Parris was spotted leaving the shack by deputies responding to the fire. Witnesses told a deputy to look for "a man with a bucket." He was found twelve miles away. In court, he testified that he heard voices, and that the wind that blew the burning paper into the brush had been the work of supernatural forces. The charge was reduced from reckless burning of an inhabited structure to an uninhabited one after testimony confirmed the shack was unfit for human habitation. In February 1989, Parris pleaded not guilty by reason of insanity. He was assaulted and injured in jail while awaiting his verdict. Found legally insane, he was committed to Atascadero State Hospital, a maximum-security psychiatric facility, with the possibility of indefinite extension if deemed a continuing danger. He was released in 2002. Today, the 33,700 acres the fire scarred across the Sierra foothills have largely recovered, but the 49er Fire remains the most destructive wildfire in Nevada County's history -- a reminder that catastrophe can begin with something as small as a scrap of burning paper caught by the wind.

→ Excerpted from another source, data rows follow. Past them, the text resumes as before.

Lemma convergent_approx m x : irrational x -> exists p q : int,
  [/\ 0 < q, denq (convergent x m) = q & `|q%:~R * x - p%:~R| < (q%:~R)^-1].
Proof.
move=> x_irr; have [p [q [p' [q' [[q_gt0 q'_ge0 det convE xE] _]]]]] :=
  cf_mobius_exists m x x_irr.
exists p, q; split => //.
  rewrite convE coprimeq_den ?gt_eqF ?gtr0_norm //.
  rewrite -coprimezE; apply/coprimezP.
  case: (ler0P (p * q' - p' * q)) det => _ det.
    by exists (- q', p'); rewrite /= -det; ring.
  by exists (q', - p'); rewrite /= -det; ring.
set y := cf_rem x m.+1 in xE.
have y_gt1 : 1 < y by apply/cf_rem1_gt1/irrational_cf_rem.
have q_ge1 : (1 : R) <= q%:~R by rewrite ler1z.
have q'_ge0R : (0 : R) <= q'%:~R by rewrite ler0z.
have den_gt0 : 0 < q%:~R * y + q'%:~R by nra.
have -> : q%:~R * x - p%:~R = (p' * q - p * q')%:~R / (q%:~R * y + q'%:~R).
  by rewrite xE rmorphB !rmorphM /=; field; rewrite gt_eqF.
rewrite normrM normfV (gtr0_norm den_gt0) -intr_norm.
rewrite (_ : `|p' * q - p * q'| = 1); last by rewrite -det -normrN; congr `|_|; ring.
by rewrite mul1r ltf_pV2 ?posrE ?(lt_le_trans ltr01) //; nra.
Qed.

End ContinuedFraction.

Lemma lt_dist_int (R : realDomainType) (x a : R) (N z : int) : 0 <= a ->
  N%:~R + a < x < N%:~R + 1 - a -> a < `|x - z%:~R|.
Proof.
move=> a_ge0 /andP[lo up]; have [le_zN | lt_Nz] := lerP z N.
  have le_zN_R : z%:~R <= N%:~R :> R by rewrite ler_int.
  by rewrite ger0_norm; lra.
have lt_Nz_R : N%:~R + 1 <= z%:~R :> R by rewrite -intrD1 ler_int; lia.
by rewrite ler0_norm; lra.
Qed.

Section ExpOne.
Variable R : realType.

Lemma series_exp_coeff1 n :
  series (exp_coeff (1 : R)) n = \sum_(0 <= j < n) (j`!%:R)^-1.
Proof. by apply: eq_bigr => j _; rewrite /exp_coeff /= expr1n div1r. Qed.

Lemma sum_inv_fact_le_expR1 M : \sum_(0 <= j < M) (j`!%:R : R)^-1 <= expR 1.
Proof.
apply: limr_ge; first exact: is_cvg_series_exp_coeff.
exists M => // n /= le_Mn; rewrite series_exp_coeff1.
rewrite (@big_cat_nat _ _ _ M 0 n _ _ (leq0n M) le_Mn) /= lerDl.
by apply: sumr_ge0 => j _; rewrite invr_ge0 ler0n.
Qed.

Lemma inv_fact_addS_le M j :
  ((M.+1 + j)`!%:R : R)^-1 <= (M`!%:R)^-1 * (M.+1%:R^-1) ^+ j.+1.
Proof.
rewrite exprVn -invfM -natrX -natrM.
by rewrite lef_pV2 ?posrE ?ltr0n ?muln_gt0 ?expn_gt0 ?fact_gt0 // ler_nat fact_mul_expS_le.
Qed.

(* The geometric majorant of the tail is carried along as an invariant. *)
Lemma sum_inv_fact_tail_le M J : (0 < M)%N ->
  \sum_(M.+1 <= j < M.+1 + J) (j`!%:R : R)^-1
    + (M`!%:R)^-1 * (M.+1%:R^-1) ^+ J / M%:R <= (M`!%:R)^-1 / M%:R.
Proof.
move=> M_gt0; elim: J => [|J IHJ].
  by rewrite addn0 big_geq // add0r expr0 mulr1.
rewrite addnS big_nat_recr /= ?leq_addr //; apply: le_trans IHJ.
rewrite -addrA lerD2l.
have geom (a m : R) : 0 < m ->
    a * (m + 1)^-1 ^+ J.+1 + a * (m + 1)^-1 ^+ J.+1 / m = a * (m + 1)^-1 ^+ J / m.
  by move=> m_gt0; rewrite exprS; field; rewrite ?gt_eqF // ltr_wpDr.
by rewrite -natr1 -geom ?ltr0n // lerD2r natr1 inv_fact_addS_le.
Qed.

Lemma expR1_le_sum_inv_fact M : (0 < M)%N ->
  expR 1 <= \sum_(0 <= j < M.+1) (j`!%:R : R)^-1 + (M`!%:R)^-1 / M%:R.
Proof.
move=> M_gt0; apply: limr_le; first exact: is_cvg_series_exp_coeff.
exists M.+1 => // n /= le_Mn; rewrite series_exp_coeff1 -(subnKC le_Mn).
rewrite (@big_cat_nat _ _ _ M.+1 0 _ _ _ (leq0n M.+1) (leq_addr _ _)) /= lerD2l.
apply: le_trans (sum_inv_fact_tail_le M (n - M.+1) M_gt0); rewrite lerDl.
by rewrite !mulr_ge0 ?exprn_ge0 ?invr_ge0 ?ler0n.
Qed.

(* [N] is [M! * \sum_(j <= M) 1/j!]; the rest of [M! e] is the tail
   [1/(M+1) + 1/((M+1)(M+2)) + ...], which lies in [(1/(M+1), 1/M]]. *)
Lemma fact_mul_expR1_bounds M : (2 <= M)%N -> exists N : int,
  N%:~R + (M.+1%:R : R)^-1 < M`!%:R * expR 1 < N%:~R + 1 - (M.+1%:R : R)^-1.
Proof.
move=> M_ge2; have M_gt0 : (0 < M)%N by apply: leq_trans M_ge2.
have fact_gt0R j : (0 : R) < j`!%:R by rewrite ltr0n fact_gt0.
set S := \sum_(0 <= j < M.+1) (j`!%:R : R)^-1.
exists (\sum_(0 <= j < M.+1) M`! %/ j`!)%N.
rewrite -[_%:~R]/(_%:R).
have -> : (\sum_(0 <= j < M.+1) M`! %/ j`!)%N%:R = M`!%:R * S.
  rewrite natr_sum big_distrr; apply: eq_big_nat => j /andP[_ lt_jM].
  rewrite natr_div ?unitfE ?gt_eqF //.
  by rewrite (fact_split (ltnSE lt_jM)) dvdn_mulr.
apply/andP; split.
- have := sum_inv_fact_le_expR1 M.+3.
  rewrite big_nat_recr //= big_nat_recr //= -/S => le_e.
  apply: lt_le_trans (ler_wpM2l (ltW (fact_gt0R M)) le_e).
  rewrite !mulrDr -addrA ltrD2l.
  have -> : M`!%:R * (M.+1`!%:R)^-1 = (M.+1%:R : R)^-1.
    by rewrite factS natrM invfM mulrCA divff ?gt_eqF ?mulr1.
  by rewrite ltrDl mulr_gt0 ?invr_gt0.
- apply: le_lt_trans (ler_wpM2l (ltW (fact_gt0R M)) (expR1_le_sum_inv_fact M M_gt0)) _.
  rewrite mulrDr mulrA divff ?gt_eqF ?mul1r // -addrA ltrD2l.
  have invM_le : (M%:R : R)^-1 <= 2^-1.
    by rewrite lef_pV2 ?posrE ?ltr0n ?ler_nat // ltnW.
  have invMS_le : (M.+1%:R : R)^-1 <= 3^-1.
    by rewrite lef_pV2 ?posrE ?ltr0n ?ler_nat.
  apply: le_lt_trans invM_le _; apply: (@lt_le_trans _ _ (1 - 3^-1)); first lra.
  by rewrite lerD2l lerN2.
Qed.

Lemma inv_lt_dist_fact_mul_expR1 M (z : int) : (2 <= M)%N ->
  (M.+1%:R : R)^-1 < `|M`!%:R * expR 1 - z%:~R|.
Proof.
move=> M_ge2; have [N bounds] := fact_mul_expR1_bounds M M_ge2.
by apply: lt_dist_int bounds; rewrite invr_ge0 ler0n.
Qed.

Lemma inv_lt_dist_dvd_fact M (q : nat) (p : int) : (2 <= M)%N -> (q %| M`!)%N ->
  (M.+1%:R : R)^-1 < (M`! %/ q)%:R * `|q%:R * expR 1 - p%:~R|.
Proof.
move=> M_ge2 q_dvd; have := inv_lt_dist_fact_mul_expR1 M ((M`! %/ q)%:Z * p) M_ge2.
rewrite -{1}(divnK q_dvd) natrM rmorphM /= -mulrA -mulrBr normrM.
by rewrite ger0_norm ?ler0n.
Qed.

Lemma expR1_irrational : irrational (expR (1 : R)).
Proof.
move=> [r _ er]; set d := `|denq r|%N.
have dr : denq r = d%:Z by rewrite /d absz_denq.
have d_dvd : (d %| d.+2`!)%N by rewrite dvdn_fact // absz_gt0 denq_neq0 /= ltnW.
have := inv_lt_dist_dvd_fact d.+2 d (numq r) isT d_dvd.
have -> : d%:R * expR 1 - (numq r)%:~R = 0 :> R.
  rewrite -er /ratr dr -[(d%:Z)%:~R]/(d%:R : R).
  by rewrite mulrC divfK ?subrr // pnatr_eq0 -lt0n absz_gt0 denq_neq0.
by rewrite normr0 mulr0 ltNge ltW // invr_gt0 ltr0n.
Qed.

Lemma sqr_lt_fact_of_approx M (q : nat) (p : int) : (2 <= M)%N -> (0 < q)%N ->
  (q %| M`!)%N -> `|q%:R * expR (1 : R) - p%:~R| < q%:R^-1 -> (q ^ 2 < M.+1`!)%N.
Proof.
move=> M_ge2 q_gt0 q_dvd approx.
have := inv_lt_dist_dvd_fact M q p M_ge2 q_dvd.
set L := (M`! %/ q)%N => lt_dist.
have q_gt0R : (0 : R) < q%:R by rewrite ltr0n.
have lt_L : (M.+1%:R : R)^-1 < L%:R / q%:R.
  by apply: lt_le_trans lt_dist _; rewrite ler_wpM2l ?ler0n ?ltW.
have q_lt : q%:R < M.+1%:R * L%:R :> R.
  have := lt_L; rewrite -(ltr_pM2r (_ : 0 < M.+1%:R * q%:R)) ?mulr_gt0 ?ltr0n //.
  rewrite mulKf ?pnatr_eq0 //; congr (_ < _); field.
  by rewrite pnatr_eq0 -lt0n.
rewrite -(ltr_nat R) factS -(divnK q_dvd) -/L !natrM.
by rewrite mulrA ltr_pM2r.
Qed.

Lemma expR1_ge_8div3 : 8 / 3 <= expR (1 : R).
Proof.
apply: le_trans (sum_inv_fact_le_expR1 4).
rewrite !big_nat_recr //= big_geq // !factS fact0 /=; lra.
Qed.

Lemma pow_1Dinv_le_expR1 n : (0 < n)%N -> (1 + n%:R^-1) ^+ n <= expR (1 : R).
Proof.
move=> n_gt0; have -> : expR (1 : R) = expR (n%:R^-1) ^+ n.
  by rewrite -expRM_natl mulfV // pnatr_eq0 -lt0n.
rewrite lerXn2r ?nnegrE ?expR_ge0 ?addr_ge0 ?invr_ge0 ?ler0n //.
exact: expR_ge1Dx.
Qed.

Lemma expn_le_fact_mul_expR1 n : (0 < n)%N ->
  n%:R ^+ n <= n`!%:R * expR (1 : R) ^+ n.-1.
Proof.
elim: n => // [[_ _|n IHn _]]; first by rewrite expr0 mulr1 expr1.
rewrite /= factS natrM exprS -mulrA ler_pM2l ?ltr0n //.
have -> : n.+2%:R ^+ n.+1 = n.+1%:R ^+ n.+1 * (1 + n.+1%:R^-1) ^+ n.+1 :> R.
  by rewrite -exprMn mulrDr mulr1 mulfV ?pnatr_eq0 // -natr1.
rewrite [expR 1 ^+ _]exprSr mulrA ler_pM ?exprn_ge0 ?addr_ge0 ?invr_ge0 ?ler0n //.
  exact: IHn.
exact: pow_1Dinv_le_expR1.
Qed.

Lemma ratio_ge_expR1 n k : (0 < k)%N -> expR (1 : R) <= n%:R / k%:R ->
  (8 * k <= 3 * n)%N.
Proof.
move=> k_gt0 le_e; have := le_trans expR1_ge_8div3 le_e.
rewrite ler_pdivlMr ?ltr0n // -(ler_nat R) !natrM => h; lra.
Qed.

Lemma fact_ge_mul_expn n k : (0 < n)%N -> (0 < k)%N ->
  expR (1 : R) <= n%:R / k%:R -> (n * k ^ n.-1 <= n`!)%N.
Proof.
move=> n_gt0 k_gt0 le_e; rewrite -(ler_nat R) natrM natrX.
have N_gt0 : (0 : R) < n%:R ^+ n.-1 by rewrite exprn_gt0 ?ltr0n.
have K_gt0 : (0 : R) < k%:R ^+ n.-1 by rewrite exprn_gt0 ?ltr0n.
have le_pow : expR (1 : R) ^+ n.-1 <= (n%:R / k%:R) ^+ n.-1.
  by apply: lerXn2r; rewrite ?nnegrE ?expR_ge0 ?divr_ge0 ?ler0n.
rewrite expr_div_n in le_pow.
have := le_trans (expn_le_fact_mul_expR1 n n_gt0) (ler_wpM2l (ler0n _ _) le_pow).
have -> : n%:R ^+ n = n%:R * n%:R ^+ n.-1 :> R by rewrite -exprS prednK.
rewrite mulrA ler_pdivlMr //.
by rewrite -(ler_pM2r N_gt0) mulrAC.
Qed.

Lemma sqr_add1_le_pow_8div3 k : (4 <= k)%N -> k%:R ^+ 2 + 1 <= (8 / 3 : R) ^+ k.-1.
Proof.
elim: k => // k IHk; rewrite leq_eqVlt => /orP[/eqP <- | ].
  by rewrite /= !exprS expr0; lra.
rewrite ltnS => k_ge4; have := IHk k_ge4.
have k_geR : (4 : R) <= k%:R by rewrite (ler_nat R 4).
have k_gt0 : (0 < k)%N by apply: leq_trans k_ge4.
have -> : (8 / 3 : R) ^+ k.+1.-1 = 8 / 3 * (8 / 3) ^+ k.-1 by rewrite -exprS prednK.
rewrite -natr1 => IH; nra.
Qed.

The 49er Fire burned across terrain centered near 39.328N, 121.111W in the Sierra Nevada foothills of Nevada and Yuba counties. The fire's 33,700-acre burn scar spread across the communities of Rough and Ready, Lake Wildwood, Cement Hill, and Penn Valley, roughly between Highway 49 and the South Yuba River. From the air, the foothill landscape shows the characteristic mix of oak woodland and suburban development that defines wildland-urban interface zones. Nearby airports include Nevada County Airport (KGOO) about 5 miles northeast and Sacramento Executive Airport (KSAC) about 55 miles southwest. Best viewed at 3,000-5,000 feet AGL to appreciate the terrain and community layout.